Work task:
Filter the records below down to lines containing "forall".
%%
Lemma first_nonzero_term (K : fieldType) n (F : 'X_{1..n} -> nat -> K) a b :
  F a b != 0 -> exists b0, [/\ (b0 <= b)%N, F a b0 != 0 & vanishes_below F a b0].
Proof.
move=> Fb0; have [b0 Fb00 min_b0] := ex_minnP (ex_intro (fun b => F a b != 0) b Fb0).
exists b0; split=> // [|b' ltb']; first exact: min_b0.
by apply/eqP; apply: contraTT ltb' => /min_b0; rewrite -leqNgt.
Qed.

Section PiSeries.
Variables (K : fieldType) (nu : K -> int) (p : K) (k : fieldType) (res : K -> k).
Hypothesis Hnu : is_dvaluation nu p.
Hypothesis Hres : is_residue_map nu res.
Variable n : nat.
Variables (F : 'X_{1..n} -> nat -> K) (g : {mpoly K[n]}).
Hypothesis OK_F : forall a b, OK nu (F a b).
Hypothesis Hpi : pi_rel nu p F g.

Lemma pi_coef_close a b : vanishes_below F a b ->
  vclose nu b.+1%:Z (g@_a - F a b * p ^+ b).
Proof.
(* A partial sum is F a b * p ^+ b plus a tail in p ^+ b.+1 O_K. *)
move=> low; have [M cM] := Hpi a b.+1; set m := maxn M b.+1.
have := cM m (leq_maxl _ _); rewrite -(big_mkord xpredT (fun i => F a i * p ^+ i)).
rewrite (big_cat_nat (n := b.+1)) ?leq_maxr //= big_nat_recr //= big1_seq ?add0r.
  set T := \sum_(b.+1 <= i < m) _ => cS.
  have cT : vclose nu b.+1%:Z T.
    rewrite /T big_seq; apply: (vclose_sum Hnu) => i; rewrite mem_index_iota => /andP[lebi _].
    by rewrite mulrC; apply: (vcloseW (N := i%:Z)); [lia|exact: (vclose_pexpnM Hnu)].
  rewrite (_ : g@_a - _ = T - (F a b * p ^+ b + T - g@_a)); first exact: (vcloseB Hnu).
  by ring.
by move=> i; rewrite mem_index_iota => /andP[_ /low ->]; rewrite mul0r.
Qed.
%%
%%
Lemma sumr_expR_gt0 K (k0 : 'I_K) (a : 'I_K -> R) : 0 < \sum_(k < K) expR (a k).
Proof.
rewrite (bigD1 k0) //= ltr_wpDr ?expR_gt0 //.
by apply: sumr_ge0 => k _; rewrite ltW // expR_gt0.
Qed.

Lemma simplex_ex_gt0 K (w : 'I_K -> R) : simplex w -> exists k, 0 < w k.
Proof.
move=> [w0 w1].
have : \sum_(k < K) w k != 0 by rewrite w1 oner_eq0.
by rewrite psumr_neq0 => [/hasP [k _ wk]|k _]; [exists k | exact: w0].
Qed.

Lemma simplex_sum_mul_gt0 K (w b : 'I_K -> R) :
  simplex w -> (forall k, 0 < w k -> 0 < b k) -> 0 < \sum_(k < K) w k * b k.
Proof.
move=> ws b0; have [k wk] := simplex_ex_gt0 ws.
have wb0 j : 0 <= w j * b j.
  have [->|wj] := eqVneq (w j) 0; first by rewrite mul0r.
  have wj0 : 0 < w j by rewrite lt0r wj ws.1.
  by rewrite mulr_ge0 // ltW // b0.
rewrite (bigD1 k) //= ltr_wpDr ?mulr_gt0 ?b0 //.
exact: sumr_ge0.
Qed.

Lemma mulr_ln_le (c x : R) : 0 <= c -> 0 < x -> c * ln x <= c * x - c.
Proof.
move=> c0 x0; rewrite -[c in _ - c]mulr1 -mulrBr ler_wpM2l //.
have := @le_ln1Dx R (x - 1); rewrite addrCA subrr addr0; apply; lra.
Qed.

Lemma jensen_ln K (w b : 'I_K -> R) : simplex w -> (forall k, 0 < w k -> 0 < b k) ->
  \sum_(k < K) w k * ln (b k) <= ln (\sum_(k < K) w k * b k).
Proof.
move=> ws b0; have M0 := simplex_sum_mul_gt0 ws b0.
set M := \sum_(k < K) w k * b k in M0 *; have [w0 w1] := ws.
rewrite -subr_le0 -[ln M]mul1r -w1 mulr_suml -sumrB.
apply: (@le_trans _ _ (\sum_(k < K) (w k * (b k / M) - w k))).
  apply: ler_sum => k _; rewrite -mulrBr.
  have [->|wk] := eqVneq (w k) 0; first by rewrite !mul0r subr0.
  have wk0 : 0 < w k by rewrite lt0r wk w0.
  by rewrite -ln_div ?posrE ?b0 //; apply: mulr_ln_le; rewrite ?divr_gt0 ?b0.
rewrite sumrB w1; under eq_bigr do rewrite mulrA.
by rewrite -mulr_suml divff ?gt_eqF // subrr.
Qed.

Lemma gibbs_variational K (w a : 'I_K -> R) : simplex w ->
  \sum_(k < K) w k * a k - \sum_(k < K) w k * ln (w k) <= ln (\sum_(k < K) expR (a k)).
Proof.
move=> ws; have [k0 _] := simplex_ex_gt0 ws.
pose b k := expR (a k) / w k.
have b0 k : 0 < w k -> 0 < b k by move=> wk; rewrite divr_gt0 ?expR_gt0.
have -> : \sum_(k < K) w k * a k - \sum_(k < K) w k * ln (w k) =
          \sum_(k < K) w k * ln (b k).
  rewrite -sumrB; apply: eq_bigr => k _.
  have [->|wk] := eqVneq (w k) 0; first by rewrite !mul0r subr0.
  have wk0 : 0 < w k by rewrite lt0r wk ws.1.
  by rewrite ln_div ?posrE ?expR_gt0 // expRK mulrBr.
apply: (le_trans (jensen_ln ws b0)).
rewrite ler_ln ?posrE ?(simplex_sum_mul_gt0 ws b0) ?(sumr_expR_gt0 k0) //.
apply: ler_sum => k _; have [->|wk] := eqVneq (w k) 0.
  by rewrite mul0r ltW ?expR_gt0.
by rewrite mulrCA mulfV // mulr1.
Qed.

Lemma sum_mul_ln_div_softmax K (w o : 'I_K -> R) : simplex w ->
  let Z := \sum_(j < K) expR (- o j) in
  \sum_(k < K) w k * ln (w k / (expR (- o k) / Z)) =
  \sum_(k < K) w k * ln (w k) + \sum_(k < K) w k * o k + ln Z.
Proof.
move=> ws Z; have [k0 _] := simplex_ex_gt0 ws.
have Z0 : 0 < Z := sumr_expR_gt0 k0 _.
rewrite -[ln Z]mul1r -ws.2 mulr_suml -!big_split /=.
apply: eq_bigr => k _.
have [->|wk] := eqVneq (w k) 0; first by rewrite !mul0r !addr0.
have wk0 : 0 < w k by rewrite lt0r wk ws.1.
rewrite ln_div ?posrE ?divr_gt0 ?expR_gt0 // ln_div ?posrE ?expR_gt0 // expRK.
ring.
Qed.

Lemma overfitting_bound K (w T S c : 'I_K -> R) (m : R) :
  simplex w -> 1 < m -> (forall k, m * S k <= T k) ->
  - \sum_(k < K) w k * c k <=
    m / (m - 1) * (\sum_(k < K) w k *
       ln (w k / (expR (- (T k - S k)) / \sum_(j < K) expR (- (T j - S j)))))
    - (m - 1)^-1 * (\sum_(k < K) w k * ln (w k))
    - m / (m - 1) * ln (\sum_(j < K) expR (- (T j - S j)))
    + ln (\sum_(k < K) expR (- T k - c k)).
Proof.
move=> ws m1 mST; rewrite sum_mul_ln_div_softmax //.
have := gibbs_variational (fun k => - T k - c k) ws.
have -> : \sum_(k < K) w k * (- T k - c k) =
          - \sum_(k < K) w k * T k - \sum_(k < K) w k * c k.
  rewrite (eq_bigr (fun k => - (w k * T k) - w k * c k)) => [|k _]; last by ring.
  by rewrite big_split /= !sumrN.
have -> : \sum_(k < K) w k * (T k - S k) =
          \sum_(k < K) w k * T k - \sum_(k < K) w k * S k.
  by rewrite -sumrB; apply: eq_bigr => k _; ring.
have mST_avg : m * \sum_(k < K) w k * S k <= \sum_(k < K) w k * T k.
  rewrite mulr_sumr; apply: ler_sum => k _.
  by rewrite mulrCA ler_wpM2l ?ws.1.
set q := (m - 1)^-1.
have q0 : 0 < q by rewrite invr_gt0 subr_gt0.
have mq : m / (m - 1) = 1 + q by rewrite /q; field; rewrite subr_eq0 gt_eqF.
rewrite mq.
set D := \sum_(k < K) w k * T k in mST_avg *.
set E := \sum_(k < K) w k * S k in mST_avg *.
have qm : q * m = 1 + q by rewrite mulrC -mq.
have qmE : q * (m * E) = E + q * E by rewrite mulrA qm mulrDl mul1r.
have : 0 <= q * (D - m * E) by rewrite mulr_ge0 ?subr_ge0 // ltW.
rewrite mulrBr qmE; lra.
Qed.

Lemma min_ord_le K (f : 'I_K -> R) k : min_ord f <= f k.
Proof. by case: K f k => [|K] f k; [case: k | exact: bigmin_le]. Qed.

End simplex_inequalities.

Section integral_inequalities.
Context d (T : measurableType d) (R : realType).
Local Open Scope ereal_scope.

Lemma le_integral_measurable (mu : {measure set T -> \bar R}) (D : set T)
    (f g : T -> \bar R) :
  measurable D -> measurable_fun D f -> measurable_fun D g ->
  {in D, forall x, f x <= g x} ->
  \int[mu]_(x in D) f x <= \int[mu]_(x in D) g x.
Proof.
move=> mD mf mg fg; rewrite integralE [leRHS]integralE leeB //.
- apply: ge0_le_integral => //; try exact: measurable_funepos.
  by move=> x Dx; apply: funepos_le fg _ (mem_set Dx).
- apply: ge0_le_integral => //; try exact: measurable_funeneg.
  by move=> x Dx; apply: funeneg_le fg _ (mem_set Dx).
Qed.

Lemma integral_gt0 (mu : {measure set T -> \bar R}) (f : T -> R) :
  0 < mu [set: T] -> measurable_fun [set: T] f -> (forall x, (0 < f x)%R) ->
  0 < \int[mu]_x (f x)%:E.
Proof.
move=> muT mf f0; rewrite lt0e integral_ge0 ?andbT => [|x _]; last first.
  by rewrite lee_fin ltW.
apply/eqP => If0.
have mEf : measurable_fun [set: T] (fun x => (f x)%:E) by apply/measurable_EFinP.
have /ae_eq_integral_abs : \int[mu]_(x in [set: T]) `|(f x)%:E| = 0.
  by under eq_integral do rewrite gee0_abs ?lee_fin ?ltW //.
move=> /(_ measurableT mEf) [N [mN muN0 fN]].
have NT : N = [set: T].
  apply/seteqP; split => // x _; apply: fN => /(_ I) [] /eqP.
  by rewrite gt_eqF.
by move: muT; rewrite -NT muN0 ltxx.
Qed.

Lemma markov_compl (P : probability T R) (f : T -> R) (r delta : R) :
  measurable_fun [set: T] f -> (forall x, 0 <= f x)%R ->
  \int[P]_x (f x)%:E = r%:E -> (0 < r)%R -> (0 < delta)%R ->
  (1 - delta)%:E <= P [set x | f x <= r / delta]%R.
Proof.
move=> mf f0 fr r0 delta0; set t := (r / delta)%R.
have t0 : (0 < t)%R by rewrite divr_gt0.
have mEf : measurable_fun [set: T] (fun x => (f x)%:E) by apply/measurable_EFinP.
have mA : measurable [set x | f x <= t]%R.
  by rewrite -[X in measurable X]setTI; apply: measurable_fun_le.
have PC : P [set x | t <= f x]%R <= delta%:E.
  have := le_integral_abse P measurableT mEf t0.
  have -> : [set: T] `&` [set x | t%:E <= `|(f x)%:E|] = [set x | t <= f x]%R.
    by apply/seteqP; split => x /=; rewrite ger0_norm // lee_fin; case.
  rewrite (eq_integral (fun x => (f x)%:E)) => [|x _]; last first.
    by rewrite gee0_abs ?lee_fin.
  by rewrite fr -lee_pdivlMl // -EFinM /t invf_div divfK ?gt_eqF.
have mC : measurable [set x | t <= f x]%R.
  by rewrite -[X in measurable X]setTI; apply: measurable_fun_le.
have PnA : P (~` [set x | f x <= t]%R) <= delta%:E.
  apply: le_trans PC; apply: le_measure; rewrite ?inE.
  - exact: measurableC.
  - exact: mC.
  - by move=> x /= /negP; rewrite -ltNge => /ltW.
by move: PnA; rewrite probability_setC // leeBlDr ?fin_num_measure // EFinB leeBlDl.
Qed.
%%
Reply to the exercise:
Hypothesis OK_F : forall a b, OK nu (F a b).
  simplex w -> (forall k, 0 < w k -> 0 < b k) -> 0 < \sum_(k < K) w k * b k.
Lemma jensen_ln K (w b : 'I_K -> R) : simplex w -> (forall k, 0 < w k -> 0 < b k) ->
  simplex w -> 1 < m -> (forall k, m * S k <= T k) ->
  {in D, forall x, f x <= g x} ->
  0 < mu [set: T] -> measurable_fun [set: T] f -> (forall x, (0 < f x)%R) ->
  measurable_fun [set: T] f -> (forall x, 0 <= f x)%R ->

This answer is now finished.